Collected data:
Segment Open
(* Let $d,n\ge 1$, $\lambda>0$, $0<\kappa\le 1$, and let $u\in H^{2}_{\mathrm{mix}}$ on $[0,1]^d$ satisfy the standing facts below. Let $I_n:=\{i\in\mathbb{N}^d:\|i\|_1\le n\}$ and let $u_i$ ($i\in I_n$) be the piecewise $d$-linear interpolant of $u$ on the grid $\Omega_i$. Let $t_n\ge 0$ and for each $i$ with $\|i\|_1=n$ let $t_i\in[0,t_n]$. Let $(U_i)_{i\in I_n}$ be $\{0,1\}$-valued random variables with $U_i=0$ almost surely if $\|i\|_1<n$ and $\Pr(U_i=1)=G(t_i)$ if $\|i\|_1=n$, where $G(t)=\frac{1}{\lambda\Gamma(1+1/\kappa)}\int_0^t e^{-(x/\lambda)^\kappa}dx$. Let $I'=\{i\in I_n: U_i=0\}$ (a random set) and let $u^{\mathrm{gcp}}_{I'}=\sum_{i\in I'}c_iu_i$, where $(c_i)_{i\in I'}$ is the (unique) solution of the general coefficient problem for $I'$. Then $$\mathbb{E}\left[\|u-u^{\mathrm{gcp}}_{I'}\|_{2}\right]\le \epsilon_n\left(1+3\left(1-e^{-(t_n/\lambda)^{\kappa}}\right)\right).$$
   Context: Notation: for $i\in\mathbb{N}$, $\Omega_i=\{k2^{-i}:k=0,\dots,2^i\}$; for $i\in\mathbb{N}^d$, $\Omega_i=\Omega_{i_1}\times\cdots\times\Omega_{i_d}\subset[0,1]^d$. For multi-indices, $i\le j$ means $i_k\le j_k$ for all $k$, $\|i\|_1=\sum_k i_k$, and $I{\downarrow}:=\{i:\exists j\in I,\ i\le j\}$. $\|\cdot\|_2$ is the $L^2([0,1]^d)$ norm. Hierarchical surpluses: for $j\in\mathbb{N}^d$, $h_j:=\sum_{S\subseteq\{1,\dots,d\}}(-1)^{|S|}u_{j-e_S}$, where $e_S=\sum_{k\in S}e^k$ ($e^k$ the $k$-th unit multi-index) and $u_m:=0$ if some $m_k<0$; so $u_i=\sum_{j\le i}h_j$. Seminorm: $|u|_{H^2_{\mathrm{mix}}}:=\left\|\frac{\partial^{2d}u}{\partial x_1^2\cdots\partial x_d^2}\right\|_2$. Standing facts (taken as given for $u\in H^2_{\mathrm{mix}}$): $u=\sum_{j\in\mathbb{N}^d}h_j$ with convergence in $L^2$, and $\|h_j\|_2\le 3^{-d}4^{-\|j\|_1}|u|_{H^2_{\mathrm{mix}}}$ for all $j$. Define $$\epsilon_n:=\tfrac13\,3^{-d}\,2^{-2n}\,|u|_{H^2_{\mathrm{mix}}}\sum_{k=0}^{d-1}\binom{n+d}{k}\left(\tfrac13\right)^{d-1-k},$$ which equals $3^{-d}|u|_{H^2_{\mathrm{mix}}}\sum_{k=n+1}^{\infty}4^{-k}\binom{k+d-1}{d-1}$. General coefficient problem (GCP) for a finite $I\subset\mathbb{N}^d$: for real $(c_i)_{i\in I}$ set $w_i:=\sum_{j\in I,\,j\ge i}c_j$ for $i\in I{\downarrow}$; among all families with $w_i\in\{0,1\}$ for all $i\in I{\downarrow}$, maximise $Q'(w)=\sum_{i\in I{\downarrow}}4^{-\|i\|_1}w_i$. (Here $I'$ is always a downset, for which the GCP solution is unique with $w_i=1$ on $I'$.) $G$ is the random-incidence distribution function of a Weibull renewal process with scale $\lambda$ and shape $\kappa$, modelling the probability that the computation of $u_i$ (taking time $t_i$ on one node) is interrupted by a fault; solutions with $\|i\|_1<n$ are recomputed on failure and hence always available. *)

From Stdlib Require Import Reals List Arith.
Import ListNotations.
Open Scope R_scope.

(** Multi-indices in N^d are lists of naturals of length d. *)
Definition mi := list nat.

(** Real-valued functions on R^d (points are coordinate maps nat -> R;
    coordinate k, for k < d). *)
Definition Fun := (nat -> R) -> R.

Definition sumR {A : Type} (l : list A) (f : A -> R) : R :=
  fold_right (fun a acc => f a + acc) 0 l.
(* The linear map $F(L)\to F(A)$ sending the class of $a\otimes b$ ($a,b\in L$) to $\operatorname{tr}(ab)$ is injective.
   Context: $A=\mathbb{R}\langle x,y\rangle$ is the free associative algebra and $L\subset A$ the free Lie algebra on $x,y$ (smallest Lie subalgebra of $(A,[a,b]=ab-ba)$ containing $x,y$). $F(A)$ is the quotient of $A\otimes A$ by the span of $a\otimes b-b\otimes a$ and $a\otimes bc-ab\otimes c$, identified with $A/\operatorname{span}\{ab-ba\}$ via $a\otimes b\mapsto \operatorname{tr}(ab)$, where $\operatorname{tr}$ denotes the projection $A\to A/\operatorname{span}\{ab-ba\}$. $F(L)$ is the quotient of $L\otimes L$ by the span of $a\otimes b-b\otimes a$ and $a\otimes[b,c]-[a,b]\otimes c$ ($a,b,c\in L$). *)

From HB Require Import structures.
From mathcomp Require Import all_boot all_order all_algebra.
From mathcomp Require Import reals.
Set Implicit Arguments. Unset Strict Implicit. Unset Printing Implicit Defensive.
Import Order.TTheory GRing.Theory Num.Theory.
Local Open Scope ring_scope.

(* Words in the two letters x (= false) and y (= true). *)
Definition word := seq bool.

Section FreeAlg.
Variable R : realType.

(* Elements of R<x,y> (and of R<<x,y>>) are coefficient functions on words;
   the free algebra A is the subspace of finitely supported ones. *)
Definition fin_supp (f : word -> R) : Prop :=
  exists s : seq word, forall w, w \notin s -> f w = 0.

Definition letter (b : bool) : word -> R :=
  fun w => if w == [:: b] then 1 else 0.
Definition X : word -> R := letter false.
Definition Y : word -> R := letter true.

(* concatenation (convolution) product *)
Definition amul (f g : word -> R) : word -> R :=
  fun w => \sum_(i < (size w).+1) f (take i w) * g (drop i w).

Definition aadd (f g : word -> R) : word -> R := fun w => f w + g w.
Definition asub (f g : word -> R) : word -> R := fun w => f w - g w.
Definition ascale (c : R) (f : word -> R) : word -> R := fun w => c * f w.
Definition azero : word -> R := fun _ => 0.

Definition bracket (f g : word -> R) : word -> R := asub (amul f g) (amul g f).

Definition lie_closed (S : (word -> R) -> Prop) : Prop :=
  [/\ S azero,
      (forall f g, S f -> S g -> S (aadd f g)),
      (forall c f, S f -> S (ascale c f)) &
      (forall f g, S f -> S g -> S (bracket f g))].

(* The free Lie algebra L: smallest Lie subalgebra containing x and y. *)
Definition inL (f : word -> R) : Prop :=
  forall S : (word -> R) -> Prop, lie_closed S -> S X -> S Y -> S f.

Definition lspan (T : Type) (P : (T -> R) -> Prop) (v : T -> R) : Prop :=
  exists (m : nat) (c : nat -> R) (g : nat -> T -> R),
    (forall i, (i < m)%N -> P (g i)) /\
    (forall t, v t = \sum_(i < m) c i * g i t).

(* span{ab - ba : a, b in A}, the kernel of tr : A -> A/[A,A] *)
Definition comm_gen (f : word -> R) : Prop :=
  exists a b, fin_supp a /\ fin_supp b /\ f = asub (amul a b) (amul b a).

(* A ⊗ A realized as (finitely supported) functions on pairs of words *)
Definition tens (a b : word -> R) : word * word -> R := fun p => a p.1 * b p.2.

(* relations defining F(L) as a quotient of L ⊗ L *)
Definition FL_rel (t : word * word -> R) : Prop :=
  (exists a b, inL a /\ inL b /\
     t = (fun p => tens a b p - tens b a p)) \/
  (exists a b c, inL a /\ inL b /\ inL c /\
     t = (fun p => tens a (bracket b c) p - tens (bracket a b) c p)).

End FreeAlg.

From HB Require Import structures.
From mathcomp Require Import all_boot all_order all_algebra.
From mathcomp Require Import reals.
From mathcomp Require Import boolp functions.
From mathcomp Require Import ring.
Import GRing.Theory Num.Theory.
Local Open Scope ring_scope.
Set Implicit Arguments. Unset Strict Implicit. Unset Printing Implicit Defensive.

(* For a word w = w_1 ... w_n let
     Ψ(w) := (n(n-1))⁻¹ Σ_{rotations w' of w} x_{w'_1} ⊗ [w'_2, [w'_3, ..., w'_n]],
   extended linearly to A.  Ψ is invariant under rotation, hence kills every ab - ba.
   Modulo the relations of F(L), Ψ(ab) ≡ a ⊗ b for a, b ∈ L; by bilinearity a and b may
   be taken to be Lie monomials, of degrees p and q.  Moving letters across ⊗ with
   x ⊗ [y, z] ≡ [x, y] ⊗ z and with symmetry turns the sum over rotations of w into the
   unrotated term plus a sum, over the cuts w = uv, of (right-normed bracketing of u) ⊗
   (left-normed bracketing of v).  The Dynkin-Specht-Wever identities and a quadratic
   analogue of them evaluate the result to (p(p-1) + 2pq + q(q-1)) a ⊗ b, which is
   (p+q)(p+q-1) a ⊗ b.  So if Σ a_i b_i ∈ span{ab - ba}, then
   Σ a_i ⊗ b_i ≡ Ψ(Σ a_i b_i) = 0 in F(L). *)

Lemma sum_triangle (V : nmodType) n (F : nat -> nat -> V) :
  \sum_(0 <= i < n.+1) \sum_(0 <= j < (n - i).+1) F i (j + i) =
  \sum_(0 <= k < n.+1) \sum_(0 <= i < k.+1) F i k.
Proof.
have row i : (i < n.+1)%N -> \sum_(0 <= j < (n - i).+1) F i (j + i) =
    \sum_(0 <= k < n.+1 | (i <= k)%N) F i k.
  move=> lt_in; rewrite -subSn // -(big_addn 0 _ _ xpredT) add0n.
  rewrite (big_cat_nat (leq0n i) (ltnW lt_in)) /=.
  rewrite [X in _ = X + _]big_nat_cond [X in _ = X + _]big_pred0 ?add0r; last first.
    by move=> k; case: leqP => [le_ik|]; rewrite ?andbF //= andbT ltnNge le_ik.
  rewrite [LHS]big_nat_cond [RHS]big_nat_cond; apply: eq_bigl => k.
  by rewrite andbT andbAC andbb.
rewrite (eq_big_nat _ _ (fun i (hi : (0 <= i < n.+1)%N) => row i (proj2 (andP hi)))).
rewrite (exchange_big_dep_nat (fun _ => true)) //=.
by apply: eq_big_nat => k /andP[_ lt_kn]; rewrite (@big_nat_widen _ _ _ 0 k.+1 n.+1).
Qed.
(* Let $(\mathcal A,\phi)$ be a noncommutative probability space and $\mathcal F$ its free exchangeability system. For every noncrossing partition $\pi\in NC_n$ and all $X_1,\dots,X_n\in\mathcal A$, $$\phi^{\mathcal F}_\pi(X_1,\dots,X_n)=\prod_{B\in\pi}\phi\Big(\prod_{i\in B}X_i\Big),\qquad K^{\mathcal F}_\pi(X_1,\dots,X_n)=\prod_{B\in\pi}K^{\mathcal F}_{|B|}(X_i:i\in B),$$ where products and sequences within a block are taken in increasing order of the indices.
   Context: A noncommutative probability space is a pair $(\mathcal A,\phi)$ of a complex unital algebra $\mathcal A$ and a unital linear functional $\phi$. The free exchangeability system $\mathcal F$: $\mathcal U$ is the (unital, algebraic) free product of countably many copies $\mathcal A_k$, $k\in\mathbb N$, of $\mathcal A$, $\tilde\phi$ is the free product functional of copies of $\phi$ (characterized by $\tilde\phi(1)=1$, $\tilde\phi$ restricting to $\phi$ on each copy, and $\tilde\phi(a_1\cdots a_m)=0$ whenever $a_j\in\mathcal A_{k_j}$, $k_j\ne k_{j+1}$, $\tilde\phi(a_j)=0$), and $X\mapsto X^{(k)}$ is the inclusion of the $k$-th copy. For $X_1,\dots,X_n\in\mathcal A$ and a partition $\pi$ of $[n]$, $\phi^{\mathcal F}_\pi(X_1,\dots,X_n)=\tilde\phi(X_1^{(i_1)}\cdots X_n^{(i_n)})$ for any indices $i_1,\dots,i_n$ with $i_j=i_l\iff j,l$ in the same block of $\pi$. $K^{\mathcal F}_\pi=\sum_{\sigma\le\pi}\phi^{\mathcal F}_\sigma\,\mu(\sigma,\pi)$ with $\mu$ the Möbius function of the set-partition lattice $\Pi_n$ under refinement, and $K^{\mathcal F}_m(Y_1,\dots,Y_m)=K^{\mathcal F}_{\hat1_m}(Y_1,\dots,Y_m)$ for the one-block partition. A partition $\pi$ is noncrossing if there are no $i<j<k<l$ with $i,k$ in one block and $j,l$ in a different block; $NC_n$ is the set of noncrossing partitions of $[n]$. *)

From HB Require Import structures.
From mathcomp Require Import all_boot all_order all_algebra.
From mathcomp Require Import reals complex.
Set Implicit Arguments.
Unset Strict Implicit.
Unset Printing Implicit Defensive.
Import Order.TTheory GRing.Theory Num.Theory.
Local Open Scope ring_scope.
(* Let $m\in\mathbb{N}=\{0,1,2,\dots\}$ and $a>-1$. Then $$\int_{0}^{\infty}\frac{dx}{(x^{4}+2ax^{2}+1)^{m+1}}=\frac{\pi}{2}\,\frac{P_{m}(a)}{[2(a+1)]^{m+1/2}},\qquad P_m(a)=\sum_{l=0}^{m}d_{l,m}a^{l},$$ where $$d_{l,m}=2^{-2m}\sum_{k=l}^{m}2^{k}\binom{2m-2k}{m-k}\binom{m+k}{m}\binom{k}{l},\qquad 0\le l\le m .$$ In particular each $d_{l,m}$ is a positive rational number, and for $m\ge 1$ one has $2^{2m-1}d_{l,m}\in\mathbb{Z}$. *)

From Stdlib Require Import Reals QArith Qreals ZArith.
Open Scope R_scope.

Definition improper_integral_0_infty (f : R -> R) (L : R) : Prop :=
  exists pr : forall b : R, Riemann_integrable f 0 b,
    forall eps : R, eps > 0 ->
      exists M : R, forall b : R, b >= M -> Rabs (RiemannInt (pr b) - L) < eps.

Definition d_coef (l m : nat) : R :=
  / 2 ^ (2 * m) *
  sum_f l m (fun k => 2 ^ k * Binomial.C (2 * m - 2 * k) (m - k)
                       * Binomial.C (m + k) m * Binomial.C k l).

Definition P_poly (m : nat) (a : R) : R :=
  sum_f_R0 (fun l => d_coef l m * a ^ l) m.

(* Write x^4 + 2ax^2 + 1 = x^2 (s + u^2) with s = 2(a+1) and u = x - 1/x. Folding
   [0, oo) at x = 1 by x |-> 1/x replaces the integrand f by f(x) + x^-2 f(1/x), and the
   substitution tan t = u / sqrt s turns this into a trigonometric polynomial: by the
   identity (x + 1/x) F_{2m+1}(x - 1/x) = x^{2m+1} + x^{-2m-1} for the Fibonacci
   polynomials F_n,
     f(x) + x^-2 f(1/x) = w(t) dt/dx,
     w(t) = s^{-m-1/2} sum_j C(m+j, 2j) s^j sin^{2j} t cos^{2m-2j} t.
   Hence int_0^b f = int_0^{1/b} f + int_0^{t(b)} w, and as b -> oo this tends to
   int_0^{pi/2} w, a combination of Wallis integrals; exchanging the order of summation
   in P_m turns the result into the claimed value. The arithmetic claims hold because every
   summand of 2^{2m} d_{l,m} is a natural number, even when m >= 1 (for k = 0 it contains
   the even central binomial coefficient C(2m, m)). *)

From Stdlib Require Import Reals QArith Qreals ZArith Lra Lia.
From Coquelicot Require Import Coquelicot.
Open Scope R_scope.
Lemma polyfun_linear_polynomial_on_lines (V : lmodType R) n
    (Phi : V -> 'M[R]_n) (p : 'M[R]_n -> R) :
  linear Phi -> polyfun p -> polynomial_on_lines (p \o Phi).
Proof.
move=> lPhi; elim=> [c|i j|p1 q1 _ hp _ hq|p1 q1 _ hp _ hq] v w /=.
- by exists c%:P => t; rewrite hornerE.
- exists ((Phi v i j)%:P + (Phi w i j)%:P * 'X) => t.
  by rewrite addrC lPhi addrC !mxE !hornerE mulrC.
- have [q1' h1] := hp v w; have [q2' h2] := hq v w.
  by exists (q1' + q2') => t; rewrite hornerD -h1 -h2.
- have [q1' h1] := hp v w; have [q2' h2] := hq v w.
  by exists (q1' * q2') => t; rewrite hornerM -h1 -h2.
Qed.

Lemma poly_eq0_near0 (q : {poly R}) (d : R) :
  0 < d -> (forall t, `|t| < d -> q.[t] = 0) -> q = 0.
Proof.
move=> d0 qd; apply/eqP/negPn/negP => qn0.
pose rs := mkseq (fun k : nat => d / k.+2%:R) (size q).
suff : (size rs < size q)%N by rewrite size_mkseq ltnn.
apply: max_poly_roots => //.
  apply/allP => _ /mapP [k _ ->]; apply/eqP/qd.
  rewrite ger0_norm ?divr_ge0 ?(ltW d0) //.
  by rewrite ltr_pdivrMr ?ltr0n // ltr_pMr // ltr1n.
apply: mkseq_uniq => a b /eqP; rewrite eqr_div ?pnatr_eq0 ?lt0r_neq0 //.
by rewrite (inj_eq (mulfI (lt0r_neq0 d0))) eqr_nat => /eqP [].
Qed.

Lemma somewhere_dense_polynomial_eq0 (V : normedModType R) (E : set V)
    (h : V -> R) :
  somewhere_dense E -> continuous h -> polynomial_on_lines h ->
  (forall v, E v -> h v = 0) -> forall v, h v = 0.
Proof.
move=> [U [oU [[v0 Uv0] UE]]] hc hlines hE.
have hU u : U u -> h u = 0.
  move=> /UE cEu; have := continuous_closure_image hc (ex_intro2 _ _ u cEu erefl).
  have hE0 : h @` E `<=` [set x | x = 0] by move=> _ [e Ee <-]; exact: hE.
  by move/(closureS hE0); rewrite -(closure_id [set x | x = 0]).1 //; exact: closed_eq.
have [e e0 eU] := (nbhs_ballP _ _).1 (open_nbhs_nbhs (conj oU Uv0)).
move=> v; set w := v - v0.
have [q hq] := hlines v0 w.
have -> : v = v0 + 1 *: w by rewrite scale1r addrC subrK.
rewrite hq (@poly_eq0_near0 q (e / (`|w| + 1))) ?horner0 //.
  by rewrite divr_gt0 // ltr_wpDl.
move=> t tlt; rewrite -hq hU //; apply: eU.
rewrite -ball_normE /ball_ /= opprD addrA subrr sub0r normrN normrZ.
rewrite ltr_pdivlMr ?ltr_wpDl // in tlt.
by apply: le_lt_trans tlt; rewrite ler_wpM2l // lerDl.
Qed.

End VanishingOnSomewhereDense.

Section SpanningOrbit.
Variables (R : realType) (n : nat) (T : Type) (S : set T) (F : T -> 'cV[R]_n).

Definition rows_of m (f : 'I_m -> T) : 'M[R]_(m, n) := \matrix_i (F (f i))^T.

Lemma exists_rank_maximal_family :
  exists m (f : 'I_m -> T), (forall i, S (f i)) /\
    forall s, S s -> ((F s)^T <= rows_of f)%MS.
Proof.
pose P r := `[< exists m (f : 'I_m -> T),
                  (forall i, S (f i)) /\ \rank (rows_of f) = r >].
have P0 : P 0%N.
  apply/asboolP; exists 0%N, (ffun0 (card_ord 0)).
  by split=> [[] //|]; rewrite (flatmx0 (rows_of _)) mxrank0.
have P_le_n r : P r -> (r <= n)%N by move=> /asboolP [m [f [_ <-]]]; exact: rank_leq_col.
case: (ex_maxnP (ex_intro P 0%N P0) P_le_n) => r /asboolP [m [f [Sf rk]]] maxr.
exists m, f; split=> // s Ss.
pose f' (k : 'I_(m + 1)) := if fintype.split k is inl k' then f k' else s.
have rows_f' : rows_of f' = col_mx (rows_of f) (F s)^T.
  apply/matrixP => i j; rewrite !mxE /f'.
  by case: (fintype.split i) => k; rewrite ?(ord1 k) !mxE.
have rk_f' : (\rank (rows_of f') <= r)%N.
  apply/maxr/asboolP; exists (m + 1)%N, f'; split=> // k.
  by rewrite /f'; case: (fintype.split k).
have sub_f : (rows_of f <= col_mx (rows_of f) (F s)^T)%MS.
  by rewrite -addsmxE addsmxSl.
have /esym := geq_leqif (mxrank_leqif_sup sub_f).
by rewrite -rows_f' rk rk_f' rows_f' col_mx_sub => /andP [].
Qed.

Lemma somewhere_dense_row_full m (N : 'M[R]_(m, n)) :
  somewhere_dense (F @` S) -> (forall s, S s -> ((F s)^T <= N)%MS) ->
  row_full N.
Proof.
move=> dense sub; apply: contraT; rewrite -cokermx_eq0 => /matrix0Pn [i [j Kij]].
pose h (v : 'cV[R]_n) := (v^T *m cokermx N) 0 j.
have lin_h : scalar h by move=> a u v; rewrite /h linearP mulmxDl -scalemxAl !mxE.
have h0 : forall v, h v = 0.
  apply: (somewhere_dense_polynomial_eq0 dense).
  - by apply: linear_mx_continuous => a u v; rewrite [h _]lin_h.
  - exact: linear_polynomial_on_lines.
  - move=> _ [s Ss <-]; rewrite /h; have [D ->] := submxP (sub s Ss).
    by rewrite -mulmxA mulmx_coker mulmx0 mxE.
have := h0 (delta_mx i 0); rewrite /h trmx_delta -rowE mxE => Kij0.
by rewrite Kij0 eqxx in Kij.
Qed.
Segment Closed
Work order: Search the data above for "letters" and copy every line where it turns up.

Expected output:
(* Words in the two letters x (= false) and y (= true). *)
   be taken to be Lie monomials, of degrees p and q.  Moving letters across ⊗ with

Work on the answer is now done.